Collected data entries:
++++++++++
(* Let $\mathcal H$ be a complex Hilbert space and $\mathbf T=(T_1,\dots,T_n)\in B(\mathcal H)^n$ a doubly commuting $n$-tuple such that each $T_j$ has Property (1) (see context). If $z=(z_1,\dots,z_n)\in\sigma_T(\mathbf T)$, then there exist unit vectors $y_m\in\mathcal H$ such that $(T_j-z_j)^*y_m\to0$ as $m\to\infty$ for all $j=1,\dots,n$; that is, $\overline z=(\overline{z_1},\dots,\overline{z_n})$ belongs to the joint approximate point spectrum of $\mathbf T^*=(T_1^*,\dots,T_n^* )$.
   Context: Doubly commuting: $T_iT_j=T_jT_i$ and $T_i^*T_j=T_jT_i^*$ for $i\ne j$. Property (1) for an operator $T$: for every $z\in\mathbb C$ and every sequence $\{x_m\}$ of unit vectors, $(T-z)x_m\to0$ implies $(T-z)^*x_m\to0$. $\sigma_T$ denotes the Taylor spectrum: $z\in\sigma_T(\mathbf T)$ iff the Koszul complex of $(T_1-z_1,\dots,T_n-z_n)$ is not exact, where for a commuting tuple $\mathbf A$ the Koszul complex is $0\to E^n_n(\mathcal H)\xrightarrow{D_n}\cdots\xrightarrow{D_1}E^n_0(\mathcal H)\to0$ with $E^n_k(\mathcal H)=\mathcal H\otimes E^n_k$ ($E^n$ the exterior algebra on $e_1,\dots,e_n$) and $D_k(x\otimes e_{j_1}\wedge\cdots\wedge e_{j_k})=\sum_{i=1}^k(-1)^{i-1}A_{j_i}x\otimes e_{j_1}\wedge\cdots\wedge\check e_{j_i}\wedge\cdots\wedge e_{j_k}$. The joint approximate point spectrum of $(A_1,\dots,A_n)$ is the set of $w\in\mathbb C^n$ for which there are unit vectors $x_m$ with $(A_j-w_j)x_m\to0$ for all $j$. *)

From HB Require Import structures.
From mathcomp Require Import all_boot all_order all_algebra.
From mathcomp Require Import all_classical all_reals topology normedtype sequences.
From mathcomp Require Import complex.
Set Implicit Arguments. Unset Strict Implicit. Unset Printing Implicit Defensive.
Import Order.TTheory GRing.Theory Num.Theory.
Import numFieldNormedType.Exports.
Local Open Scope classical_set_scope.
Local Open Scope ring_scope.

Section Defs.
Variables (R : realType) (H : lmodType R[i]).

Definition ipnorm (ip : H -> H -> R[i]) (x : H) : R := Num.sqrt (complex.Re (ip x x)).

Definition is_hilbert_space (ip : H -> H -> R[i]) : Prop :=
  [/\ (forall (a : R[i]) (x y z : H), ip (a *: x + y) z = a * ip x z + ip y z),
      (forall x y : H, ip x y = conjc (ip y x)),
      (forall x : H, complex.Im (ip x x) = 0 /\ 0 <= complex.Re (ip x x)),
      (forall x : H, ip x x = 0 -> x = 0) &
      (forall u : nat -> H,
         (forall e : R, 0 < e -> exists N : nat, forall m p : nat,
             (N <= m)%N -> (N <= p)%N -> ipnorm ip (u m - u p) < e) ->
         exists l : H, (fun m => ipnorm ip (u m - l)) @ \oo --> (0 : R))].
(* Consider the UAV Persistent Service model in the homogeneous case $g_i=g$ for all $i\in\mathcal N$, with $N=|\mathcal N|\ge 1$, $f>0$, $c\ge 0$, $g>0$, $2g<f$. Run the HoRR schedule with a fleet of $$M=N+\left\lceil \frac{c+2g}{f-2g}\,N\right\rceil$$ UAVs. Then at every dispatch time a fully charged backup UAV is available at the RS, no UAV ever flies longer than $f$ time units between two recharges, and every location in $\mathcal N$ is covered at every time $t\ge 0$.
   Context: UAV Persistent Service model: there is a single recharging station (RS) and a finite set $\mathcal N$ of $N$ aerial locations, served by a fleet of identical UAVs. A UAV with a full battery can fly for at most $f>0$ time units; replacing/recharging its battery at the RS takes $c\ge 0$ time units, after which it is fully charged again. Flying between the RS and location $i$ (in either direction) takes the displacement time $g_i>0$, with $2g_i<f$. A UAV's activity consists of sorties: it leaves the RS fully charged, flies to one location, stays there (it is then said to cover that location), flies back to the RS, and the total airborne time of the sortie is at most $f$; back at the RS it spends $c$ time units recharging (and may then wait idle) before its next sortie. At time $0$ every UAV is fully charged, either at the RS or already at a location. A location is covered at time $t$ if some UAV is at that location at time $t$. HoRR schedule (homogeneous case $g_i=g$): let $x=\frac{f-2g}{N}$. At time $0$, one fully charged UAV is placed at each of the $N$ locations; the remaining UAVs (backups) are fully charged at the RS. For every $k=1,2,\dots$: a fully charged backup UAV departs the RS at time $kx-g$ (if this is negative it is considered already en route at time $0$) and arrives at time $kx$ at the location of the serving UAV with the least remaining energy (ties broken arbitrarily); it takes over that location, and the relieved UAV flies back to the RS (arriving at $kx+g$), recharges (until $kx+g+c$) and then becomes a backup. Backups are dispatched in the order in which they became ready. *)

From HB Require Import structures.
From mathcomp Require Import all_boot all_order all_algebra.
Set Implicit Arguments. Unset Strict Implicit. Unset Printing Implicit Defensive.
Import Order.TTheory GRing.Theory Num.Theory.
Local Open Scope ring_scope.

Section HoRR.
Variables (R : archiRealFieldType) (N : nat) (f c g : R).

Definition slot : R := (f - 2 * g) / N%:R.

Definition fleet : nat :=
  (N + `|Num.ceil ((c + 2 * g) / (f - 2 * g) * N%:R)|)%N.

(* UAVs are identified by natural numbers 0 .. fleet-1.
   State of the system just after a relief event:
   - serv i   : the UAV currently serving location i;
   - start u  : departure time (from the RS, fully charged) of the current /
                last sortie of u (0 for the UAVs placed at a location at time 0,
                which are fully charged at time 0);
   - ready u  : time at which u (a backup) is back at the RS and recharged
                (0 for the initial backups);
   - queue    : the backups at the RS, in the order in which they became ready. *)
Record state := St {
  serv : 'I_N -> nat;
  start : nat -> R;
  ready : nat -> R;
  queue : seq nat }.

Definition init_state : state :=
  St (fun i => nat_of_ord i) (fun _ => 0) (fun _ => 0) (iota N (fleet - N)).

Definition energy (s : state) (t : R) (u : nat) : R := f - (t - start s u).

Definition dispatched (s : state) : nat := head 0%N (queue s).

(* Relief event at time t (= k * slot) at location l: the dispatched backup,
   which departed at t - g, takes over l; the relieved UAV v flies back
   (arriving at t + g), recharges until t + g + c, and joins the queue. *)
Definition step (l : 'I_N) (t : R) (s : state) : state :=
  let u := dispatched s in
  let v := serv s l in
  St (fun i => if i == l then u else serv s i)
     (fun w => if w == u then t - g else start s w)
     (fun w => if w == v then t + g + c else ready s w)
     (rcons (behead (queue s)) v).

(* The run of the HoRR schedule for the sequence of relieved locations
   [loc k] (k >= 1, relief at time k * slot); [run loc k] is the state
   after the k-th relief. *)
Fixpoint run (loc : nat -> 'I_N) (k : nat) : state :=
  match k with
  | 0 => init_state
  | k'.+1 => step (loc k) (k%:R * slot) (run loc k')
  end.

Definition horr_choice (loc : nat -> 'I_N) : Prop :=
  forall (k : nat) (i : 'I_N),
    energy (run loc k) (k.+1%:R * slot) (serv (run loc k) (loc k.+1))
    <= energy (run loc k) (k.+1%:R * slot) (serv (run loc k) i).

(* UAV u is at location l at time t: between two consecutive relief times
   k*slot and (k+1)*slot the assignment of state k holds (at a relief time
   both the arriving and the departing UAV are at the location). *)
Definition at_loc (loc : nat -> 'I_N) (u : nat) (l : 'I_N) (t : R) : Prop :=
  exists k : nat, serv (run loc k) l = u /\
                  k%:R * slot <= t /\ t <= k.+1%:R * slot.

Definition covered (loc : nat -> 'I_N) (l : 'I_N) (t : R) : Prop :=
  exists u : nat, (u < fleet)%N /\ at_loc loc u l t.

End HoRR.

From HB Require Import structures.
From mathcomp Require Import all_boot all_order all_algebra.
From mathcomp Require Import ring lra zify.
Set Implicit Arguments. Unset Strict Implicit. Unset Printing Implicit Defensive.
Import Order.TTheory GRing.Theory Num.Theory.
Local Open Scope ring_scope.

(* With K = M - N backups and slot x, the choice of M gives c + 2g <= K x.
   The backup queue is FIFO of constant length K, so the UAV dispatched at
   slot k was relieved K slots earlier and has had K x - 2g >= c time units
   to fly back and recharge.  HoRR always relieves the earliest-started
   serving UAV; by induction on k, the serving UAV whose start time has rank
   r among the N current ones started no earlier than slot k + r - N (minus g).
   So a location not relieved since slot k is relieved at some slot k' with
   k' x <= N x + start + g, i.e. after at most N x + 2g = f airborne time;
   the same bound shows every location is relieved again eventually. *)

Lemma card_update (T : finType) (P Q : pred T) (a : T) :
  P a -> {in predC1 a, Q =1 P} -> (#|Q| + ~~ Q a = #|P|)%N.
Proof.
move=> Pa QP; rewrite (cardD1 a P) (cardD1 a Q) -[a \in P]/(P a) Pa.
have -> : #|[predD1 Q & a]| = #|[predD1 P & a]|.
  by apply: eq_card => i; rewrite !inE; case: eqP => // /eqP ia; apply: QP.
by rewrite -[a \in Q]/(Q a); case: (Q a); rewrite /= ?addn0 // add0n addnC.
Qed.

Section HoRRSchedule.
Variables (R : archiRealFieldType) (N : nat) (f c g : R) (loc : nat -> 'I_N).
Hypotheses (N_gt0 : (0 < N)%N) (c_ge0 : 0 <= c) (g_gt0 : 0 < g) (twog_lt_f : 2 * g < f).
++++++++++
● **REQUIREMENT**:
Each line from the one holding "k' x <= N x + start" to the end of the data above goes into the answer exactly as written, and no other line does.

● **ANSWER FOR THIS EXERCISE**:
   k' x <= N x + start + g, i.e. after at most N x + 2g = f airborne time;
   the same bound shows every location is relieved again eventually. *)

Lemma card_update (T : finType) (P Q : pred T) (a : T) :
  P a -> {in predC1 a, Q =1 P} -> (#|Q| + ~~ Q a = #|P|)%N.
Proof.
move=> Pa QP; rewrite (cardD1 a P) (cardD1 a Q) -[a \in P]/(P a) Pa.
have -> : #|[predD1 Q & a]| = #|[predD1 P & a]|.
  by apply: eq_card => i; rewrite !inE; case: eqP => // /eqP ia; apply: QP.
by rewrite -[a \in Q]/(Q a); case: (Q a); rewrite /= ?addn0 // add0n addnC.
Qed.

Section HoRRSchedule.
Variables (R : archiRealFieldType) (N : nat) (f c g : R) (loc : nat -> 'I_N).
Hypotheses (N_gt0 : (0 < N)%N) (c_ge0 : 0 <= c) (g_gt0 : 0 < g) (twog_lt_f : 2 * g < f).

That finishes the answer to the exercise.